What is expected: Write out the lines of the records from the one containing "Import Order.TTheory GRing.Theory Num.Theory." to the very last, keeping each exactly as it is.

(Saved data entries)
+ + + +

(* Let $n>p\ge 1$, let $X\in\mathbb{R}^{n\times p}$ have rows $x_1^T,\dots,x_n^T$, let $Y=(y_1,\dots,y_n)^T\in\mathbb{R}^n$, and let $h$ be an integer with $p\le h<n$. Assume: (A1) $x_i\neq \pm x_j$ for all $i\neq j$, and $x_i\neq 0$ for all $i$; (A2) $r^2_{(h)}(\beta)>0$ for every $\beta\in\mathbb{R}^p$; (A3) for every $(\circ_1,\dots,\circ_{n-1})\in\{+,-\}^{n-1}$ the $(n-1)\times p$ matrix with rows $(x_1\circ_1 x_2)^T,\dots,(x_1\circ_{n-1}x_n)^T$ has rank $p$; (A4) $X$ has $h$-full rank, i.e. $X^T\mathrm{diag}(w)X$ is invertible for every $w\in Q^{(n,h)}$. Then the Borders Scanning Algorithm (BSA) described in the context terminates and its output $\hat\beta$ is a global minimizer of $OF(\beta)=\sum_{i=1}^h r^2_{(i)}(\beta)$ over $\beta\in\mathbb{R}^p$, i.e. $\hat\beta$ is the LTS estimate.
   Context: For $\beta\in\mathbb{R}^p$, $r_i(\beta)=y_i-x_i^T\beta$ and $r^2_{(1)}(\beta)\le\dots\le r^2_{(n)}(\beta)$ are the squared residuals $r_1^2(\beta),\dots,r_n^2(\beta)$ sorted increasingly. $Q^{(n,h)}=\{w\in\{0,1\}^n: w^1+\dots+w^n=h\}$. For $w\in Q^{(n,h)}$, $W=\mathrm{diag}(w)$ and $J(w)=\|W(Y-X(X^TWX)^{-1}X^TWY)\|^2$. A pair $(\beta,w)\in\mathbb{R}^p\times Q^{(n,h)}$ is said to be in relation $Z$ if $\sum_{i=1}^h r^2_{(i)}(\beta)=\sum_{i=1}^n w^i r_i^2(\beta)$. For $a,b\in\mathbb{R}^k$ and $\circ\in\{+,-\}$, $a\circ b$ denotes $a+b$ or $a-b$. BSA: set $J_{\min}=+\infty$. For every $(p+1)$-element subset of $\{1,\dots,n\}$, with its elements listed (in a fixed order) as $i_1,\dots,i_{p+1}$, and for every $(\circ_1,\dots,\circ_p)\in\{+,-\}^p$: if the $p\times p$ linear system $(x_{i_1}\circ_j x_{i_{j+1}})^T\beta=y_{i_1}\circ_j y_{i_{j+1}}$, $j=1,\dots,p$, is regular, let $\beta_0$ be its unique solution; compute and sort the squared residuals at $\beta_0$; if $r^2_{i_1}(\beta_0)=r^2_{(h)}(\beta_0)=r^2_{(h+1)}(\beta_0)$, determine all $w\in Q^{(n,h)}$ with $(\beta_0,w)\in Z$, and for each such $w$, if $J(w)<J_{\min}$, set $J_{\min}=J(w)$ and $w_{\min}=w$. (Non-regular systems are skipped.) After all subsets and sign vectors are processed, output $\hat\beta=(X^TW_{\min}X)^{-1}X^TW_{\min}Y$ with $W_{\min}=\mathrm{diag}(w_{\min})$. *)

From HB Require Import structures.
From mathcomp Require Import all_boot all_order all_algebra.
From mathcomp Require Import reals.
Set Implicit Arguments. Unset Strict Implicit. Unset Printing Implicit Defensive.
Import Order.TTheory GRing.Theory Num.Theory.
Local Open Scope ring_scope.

+ + + +

Written solution:
Import Order.TTheory GRing.Theory Num.Theory.
Local Open Scope ring_scope.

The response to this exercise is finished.